_WHAT YOU NEED TO DO_
Please give back word for word the lines of the material below between the line containing "(a-g, b+d, c+e)" and the line containing "intros Hx. induction", inclusive.

Content starts

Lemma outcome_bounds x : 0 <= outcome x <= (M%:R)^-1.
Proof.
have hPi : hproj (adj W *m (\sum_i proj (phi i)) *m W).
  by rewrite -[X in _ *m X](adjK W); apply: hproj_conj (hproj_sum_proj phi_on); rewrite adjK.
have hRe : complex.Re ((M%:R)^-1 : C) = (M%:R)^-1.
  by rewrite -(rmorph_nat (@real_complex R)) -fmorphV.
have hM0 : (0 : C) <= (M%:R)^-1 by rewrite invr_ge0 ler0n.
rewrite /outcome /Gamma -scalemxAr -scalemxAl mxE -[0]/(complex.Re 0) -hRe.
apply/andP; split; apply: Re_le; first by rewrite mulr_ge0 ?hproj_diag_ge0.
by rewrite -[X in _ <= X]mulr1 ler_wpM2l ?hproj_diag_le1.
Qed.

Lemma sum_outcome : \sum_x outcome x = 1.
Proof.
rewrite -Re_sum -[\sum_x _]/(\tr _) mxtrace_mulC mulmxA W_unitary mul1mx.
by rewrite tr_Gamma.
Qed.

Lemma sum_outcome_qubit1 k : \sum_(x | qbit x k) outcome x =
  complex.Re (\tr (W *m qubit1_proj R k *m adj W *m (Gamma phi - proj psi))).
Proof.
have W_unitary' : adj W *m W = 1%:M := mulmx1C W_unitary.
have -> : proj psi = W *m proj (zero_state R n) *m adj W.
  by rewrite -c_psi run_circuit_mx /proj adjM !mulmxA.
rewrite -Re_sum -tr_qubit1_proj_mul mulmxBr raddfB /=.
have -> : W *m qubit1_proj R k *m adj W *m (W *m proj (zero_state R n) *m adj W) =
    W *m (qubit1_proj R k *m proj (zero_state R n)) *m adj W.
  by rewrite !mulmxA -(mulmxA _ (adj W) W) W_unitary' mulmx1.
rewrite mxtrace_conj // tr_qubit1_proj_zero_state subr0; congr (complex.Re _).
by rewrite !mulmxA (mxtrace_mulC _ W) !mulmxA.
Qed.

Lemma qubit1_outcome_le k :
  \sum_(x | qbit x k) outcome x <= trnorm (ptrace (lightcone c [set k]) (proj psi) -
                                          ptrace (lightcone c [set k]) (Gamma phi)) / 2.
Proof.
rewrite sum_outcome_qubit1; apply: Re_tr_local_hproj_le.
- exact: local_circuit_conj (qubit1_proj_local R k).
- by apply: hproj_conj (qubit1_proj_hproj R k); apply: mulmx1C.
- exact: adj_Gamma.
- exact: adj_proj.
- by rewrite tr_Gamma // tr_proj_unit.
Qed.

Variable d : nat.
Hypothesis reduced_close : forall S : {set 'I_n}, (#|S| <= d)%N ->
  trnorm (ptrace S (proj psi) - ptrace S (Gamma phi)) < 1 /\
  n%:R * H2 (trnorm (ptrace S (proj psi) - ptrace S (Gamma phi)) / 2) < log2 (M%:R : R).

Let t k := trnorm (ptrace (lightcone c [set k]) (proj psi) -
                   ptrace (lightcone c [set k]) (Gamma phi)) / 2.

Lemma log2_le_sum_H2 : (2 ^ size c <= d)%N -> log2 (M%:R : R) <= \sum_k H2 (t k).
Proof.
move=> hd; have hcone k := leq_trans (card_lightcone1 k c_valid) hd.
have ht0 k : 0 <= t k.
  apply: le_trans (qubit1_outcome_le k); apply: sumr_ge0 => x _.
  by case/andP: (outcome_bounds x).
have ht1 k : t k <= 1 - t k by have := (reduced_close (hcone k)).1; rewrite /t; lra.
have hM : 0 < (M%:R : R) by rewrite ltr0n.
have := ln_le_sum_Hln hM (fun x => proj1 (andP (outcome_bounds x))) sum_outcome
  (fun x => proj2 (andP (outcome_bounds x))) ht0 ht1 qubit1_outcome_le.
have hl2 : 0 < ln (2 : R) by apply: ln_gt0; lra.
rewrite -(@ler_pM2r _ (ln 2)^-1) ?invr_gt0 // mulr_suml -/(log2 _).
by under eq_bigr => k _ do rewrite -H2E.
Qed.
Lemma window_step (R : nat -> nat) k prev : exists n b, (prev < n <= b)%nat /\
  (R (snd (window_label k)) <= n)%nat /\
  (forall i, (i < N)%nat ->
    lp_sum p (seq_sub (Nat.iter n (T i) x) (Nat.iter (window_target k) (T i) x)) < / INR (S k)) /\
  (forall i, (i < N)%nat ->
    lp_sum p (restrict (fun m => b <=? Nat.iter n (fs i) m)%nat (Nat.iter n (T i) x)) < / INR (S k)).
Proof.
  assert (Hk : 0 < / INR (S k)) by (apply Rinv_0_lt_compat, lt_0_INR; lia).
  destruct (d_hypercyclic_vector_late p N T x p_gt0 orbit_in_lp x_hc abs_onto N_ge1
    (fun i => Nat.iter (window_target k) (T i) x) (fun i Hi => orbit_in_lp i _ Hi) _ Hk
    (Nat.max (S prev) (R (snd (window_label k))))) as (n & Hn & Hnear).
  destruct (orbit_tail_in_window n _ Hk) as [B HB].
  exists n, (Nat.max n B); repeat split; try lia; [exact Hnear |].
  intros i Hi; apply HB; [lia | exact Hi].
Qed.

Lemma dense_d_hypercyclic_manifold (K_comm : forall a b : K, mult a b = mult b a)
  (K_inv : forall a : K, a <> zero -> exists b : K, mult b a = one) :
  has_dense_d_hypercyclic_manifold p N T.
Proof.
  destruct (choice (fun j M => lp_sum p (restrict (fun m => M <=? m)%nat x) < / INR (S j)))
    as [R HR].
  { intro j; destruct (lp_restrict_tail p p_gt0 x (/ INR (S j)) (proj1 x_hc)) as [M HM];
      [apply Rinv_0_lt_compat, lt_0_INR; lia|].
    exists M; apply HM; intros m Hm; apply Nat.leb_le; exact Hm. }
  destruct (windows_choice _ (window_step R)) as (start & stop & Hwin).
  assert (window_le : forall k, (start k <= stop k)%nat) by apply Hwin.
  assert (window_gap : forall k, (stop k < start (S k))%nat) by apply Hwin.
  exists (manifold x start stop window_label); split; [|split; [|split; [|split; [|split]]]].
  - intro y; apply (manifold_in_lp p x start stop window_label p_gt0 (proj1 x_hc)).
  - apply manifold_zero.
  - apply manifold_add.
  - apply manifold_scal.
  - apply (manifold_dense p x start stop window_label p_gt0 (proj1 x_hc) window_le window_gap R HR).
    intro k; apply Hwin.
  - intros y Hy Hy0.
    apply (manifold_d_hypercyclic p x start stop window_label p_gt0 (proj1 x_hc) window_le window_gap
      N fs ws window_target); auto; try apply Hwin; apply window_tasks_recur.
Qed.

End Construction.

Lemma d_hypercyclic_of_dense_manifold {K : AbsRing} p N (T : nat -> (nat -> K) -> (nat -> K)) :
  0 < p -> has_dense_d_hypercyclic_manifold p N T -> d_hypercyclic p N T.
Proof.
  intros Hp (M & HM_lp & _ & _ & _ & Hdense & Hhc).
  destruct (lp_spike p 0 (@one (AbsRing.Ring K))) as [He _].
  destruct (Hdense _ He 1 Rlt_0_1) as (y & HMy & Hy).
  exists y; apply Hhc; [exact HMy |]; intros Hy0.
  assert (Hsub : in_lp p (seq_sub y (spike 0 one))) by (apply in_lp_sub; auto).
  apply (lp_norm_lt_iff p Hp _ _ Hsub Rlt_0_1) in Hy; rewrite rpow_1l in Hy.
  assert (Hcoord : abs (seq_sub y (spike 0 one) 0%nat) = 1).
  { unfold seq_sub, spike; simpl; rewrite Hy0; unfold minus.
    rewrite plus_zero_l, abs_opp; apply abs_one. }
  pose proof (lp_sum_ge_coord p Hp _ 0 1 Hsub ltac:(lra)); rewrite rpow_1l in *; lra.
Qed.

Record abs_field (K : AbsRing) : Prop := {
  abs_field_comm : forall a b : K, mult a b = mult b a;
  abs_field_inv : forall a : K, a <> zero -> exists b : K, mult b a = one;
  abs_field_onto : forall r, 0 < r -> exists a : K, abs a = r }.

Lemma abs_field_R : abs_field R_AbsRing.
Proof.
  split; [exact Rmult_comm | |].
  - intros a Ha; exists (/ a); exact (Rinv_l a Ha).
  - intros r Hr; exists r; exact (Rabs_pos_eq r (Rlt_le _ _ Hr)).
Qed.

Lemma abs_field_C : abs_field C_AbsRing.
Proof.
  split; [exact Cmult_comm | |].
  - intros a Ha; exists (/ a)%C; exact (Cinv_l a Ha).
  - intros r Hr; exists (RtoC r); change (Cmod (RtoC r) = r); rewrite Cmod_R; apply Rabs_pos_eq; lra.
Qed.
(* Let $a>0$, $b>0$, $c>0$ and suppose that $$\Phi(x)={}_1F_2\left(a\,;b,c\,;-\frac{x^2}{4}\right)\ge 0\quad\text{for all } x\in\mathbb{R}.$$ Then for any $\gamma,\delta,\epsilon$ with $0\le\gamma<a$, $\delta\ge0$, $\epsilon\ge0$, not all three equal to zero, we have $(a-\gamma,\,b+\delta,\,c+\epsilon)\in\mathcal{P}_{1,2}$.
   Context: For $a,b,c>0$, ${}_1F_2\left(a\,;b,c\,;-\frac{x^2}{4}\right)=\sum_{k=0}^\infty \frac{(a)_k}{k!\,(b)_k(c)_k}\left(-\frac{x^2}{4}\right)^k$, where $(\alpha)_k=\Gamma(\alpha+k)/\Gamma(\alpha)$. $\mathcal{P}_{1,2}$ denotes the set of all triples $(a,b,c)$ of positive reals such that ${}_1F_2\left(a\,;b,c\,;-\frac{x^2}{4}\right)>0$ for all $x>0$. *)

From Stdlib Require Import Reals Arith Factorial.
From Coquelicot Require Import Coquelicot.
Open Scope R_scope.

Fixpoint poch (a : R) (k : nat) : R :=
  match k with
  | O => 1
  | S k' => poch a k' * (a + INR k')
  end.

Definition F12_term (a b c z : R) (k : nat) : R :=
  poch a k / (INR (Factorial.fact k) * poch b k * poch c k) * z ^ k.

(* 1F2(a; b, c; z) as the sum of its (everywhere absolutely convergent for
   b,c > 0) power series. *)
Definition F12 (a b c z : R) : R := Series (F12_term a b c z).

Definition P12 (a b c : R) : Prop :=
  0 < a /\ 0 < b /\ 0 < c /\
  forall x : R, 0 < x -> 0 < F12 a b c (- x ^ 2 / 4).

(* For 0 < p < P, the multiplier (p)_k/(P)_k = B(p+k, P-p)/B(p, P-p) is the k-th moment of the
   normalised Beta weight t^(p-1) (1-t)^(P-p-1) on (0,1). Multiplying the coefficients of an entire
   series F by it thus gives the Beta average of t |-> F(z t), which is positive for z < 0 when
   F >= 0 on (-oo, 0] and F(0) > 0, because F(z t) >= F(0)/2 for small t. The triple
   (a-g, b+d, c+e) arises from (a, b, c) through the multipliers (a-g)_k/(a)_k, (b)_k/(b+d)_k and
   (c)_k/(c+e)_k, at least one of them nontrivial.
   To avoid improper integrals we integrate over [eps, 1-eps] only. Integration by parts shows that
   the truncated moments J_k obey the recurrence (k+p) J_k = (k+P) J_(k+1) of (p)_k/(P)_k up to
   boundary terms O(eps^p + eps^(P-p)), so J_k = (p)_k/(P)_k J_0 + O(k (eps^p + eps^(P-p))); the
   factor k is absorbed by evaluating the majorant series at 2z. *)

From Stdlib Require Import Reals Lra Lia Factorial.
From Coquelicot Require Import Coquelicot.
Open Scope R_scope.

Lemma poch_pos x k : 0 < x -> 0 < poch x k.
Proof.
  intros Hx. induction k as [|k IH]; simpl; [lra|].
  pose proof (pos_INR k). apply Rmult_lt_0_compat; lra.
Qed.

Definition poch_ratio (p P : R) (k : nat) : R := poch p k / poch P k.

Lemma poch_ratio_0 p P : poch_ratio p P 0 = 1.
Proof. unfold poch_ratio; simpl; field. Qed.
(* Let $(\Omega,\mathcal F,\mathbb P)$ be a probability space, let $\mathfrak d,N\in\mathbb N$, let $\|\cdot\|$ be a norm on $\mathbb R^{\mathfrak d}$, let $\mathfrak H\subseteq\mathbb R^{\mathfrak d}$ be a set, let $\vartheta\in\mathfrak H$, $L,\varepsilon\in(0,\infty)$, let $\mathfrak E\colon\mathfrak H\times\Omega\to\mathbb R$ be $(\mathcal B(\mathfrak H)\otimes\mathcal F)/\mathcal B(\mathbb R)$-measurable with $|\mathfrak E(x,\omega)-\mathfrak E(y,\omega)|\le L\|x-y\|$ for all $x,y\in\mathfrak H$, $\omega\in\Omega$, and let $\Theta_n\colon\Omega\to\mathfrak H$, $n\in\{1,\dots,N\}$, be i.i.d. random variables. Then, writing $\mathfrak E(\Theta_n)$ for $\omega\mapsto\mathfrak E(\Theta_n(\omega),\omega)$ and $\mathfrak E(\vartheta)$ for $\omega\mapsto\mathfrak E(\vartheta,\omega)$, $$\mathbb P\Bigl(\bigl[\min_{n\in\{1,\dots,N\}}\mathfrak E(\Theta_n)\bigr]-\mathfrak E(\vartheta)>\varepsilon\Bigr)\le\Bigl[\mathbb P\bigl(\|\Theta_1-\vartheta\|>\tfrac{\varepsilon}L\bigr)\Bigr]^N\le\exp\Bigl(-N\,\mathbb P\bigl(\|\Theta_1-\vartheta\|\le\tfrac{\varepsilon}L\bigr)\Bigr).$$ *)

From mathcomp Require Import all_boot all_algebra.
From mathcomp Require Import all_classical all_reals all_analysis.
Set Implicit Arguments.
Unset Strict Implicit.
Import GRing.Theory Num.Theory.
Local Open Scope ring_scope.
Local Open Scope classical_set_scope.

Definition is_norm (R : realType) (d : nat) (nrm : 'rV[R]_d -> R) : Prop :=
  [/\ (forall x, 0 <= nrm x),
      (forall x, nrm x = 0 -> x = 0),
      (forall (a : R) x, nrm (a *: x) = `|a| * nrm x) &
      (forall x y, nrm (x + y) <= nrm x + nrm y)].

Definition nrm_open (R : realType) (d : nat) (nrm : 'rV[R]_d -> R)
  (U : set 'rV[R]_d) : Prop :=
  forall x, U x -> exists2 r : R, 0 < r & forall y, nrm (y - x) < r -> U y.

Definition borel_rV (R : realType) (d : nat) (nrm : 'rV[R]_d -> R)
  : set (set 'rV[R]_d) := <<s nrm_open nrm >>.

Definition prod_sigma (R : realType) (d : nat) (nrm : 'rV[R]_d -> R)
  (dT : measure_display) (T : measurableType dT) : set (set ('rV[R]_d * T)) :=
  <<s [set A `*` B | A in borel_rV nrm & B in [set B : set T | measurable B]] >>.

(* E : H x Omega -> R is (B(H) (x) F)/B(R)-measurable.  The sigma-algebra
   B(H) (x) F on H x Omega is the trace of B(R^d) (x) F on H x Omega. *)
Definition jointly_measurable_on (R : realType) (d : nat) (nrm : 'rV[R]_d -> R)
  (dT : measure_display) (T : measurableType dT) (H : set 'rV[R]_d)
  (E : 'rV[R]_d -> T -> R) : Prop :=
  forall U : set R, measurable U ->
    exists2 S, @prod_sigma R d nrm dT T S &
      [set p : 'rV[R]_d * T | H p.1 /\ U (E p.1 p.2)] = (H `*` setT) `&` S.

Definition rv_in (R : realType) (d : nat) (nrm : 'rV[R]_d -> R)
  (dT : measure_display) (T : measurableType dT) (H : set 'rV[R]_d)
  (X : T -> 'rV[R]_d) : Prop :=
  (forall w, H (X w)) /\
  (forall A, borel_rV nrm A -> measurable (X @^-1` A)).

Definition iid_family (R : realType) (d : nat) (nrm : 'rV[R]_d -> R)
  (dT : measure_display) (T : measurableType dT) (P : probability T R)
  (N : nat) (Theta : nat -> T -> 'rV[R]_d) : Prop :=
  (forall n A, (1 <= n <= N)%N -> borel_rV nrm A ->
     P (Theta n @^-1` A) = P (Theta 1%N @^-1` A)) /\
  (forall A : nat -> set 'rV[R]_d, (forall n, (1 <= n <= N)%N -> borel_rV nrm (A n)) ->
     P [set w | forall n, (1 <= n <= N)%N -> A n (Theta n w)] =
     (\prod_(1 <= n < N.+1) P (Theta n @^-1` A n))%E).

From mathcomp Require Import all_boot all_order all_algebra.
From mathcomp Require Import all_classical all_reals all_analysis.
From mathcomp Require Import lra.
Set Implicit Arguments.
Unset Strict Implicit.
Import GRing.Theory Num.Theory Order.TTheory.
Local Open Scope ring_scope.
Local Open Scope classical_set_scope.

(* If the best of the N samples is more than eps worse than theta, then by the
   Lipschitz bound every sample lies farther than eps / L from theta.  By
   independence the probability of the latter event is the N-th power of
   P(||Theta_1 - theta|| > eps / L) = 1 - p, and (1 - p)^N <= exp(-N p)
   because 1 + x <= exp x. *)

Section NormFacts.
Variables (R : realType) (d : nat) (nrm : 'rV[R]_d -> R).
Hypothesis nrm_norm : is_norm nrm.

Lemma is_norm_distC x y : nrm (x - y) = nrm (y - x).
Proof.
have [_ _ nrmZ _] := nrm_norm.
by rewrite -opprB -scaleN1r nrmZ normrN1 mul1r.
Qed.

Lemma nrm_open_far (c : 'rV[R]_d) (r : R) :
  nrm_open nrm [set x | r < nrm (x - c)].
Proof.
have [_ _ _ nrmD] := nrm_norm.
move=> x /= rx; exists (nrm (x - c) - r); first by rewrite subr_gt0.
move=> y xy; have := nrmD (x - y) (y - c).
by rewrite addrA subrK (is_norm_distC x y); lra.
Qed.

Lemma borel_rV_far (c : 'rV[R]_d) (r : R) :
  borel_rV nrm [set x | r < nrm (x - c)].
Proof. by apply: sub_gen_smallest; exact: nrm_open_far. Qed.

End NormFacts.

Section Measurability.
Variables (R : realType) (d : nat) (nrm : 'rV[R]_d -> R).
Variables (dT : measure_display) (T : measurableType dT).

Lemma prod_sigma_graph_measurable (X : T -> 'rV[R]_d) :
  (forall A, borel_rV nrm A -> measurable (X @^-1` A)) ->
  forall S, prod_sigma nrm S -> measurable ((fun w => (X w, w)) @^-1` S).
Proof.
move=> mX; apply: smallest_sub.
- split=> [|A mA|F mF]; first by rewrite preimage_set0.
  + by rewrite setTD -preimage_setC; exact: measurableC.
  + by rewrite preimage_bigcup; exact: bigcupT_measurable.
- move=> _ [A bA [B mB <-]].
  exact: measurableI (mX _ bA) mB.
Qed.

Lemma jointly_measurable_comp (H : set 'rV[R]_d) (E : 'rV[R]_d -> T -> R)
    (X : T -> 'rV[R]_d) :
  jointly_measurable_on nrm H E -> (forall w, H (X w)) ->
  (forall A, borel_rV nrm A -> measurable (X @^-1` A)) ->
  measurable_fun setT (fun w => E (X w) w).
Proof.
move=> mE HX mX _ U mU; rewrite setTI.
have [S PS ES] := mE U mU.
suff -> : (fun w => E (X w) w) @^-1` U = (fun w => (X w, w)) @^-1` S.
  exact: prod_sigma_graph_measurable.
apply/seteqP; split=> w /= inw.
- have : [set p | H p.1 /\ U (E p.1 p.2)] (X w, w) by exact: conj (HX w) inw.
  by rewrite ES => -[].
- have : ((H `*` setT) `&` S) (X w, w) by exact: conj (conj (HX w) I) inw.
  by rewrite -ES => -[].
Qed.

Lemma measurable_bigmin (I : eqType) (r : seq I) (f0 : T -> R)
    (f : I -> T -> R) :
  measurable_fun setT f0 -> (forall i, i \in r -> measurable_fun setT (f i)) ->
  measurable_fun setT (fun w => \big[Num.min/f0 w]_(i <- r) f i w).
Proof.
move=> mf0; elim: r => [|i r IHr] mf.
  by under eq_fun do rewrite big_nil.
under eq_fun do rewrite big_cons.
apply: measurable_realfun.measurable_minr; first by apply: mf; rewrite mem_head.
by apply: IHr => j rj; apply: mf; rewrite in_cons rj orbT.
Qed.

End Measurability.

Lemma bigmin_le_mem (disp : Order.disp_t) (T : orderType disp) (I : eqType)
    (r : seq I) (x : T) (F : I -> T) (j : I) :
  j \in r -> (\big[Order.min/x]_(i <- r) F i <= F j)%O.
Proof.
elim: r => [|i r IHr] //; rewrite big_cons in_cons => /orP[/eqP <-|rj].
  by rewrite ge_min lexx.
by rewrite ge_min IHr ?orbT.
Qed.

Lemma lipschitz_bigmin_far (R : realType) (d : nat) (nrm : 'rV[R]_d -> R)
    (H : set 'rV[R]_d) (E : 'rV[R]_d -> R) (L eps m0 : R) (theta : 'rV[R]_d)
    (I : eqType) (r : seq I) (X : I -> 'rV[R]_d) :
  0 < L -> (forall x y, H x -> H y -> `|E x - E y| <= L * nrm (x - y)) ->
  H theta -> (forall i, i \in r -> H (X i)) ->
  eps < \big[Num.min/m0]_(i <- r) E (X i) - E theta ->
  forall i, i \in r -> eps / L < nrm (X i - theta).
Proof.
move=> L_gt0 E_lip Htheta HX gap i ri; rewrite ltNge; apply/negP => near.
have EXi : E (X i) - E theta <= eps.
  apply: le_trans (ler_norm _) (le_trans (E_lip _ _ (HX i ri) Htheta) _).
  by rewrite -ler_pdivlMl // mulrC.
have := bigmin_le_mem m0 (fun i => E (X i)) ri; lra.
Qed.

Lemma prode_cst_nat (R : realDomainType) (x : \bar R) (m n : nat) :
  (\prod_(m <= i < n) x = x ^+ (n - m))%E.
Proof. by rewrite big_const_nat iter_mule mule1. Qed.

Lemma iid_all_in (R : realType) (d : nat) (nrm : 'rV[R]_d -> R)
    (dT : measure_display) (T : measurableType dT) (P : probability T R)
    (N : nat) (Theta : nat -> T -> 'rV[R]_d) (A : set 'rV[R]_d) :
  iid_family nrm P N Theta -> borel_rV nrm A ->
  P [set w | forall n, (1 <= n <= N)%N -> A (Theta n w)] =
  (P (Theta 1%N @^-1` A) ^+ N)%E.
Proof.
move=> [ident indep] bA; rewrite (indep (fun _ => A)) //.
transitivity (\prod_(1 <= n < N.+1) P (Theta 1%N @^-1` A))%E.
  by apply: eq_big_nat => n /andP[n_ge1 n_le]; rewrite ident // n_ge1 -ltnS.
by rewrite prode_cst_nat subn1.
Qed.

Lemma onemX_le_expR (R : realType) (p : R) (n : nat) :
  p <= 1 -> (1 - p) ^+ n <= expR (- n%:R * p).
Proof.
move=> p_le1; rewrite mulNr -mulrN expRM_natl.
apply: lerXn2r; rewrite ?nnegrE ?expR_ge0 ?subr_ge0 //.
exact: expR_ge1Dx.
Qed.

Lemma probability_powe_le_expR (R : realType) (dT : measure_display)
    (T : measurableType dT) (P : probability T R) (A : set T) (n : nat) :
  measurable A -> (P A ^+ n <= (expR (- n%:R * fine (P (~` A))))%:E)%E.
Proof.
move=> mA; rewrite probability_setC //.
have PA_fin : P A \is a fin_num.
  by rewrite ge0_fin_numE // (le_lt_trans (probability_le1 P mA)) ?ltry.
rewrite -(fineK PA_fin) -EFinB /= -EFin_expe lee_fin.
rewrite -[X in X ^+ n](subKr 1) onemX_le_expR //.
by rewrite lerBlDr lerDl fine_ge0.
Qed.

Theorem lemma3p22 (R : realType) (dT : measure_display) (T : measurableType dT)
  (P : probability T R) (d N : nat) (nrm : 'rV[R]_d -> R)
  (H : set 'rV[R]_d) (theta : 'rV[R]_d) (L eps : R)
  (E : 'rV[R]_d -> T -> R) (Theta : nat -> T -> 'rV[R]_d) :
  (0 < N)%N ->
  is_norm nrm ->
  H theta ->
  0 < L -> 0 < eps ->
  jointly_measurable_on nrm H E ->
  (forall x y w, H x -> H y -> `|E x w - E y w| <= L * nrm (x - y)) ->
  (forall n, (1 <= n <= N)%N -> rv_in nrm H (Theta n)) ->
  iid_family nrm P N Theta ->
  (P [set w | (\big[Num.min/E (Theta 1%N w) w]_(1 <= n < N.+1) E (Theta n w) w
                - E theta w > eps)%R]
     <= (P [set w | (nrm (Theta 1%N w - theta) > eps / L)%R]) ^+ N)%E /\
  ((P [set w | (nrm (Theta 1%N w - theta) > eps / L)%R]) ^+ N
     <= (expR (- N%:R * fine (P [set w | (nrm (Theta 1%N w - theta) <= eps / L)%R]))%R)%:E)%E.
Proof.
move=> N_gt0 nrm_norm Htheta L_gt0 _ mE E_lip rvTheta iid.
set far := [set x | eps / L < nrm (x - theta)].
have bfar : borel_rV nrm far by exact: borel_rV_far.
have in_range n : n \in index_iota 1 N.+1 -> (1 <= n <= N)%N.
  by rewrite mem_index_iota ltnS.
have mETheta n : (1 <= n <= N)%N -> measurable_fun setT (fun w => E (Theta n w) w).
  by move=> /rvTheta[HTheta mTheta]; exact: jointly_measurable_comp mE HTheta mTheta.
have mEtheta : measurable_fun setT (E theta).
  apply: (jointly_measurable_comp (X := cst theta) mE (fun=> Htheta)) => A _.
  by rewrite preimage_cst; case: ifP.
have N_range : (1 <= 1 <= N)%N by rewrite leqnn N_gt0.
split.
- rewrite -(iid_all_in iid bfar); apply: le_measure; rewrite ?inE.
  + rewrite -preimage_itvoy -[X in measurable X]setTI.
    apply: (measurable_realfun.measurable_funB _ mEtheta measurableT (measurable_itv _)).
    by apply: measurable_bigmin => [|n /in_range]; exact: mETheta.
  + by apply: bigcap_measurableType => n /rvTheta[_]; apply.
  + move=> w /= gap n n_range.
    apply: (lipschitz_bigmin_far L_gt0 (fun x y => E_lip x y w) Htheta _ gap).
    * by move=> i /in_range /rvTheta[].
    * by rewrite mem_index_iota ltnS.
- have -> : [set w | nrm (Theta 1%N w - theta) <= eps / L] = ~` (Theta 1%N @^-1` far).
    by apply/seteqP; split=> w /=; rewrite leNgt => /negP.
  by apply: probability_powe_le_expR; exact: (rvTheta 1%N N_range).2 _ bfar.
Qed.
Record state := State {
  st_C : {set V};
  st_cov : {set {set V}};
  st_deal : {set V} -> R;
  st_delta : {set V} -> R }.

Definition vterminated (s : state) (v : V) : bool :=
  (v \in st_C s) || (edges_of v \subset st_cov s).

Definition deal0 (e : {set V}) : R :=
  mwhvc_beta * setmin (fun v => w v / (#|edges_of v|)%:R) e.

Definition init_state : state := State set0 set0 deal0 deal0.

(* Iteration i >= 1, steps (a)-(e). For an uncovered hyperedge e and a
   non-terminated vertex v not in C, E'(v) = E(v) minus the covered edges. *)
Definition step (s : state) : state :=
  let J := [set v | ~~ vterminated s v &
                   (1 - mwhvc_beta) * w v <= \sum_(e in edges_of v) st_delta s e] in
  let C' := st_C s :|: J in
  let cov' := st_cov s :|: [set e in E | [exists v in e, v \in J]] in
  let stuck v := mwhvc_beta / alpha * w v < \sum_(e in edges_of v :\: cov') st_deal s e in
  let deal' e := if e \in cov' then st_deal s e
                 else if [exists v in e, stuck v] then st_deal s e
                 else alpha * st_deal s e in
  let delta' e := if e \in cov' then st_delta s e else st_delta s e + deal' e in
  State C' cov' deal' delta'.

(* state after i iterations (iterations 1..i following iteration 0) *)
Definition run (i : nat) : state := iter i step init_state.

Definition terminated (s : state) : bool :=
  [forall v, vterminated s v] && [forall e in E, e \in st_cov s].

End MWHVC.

Content ends

_RESPONSE_
   (a-g, b+d, c+e) arises from (a, b, c) through the multipliers (a-g)_k/(a)_k, (b)_k/(b+d)_k and
   (c)_k/(c+e)_k, at least one of them nontrivial.
   To avoid improper integrals we integrate over [eps, 1-eps] only. Integration by parts shows that
   the truncated moments J_k obey the recurrence (k+p) J_k = (k+P) J_(k+1) of (p)_k/(P)_k up to
   boundary terms O(eps^p + eps^(P-p)), so J_k = (p)_k/(P)_k J_0 + O(k (eps^p + eps^(P-p))); the
   factor k is absorbed by evaluating the majorant series at 2z. *)

From Stdlib Require Import Reals Lra Lia Factorial.
From Coquelicot Require Import Coquelicot.
Open Scope R_scope.

Lemma poch_pos x k : 0 < x -> 0 < poch x k.
Proof.
  intros Hx. induction k as [|k IH]; simpl; [lra|].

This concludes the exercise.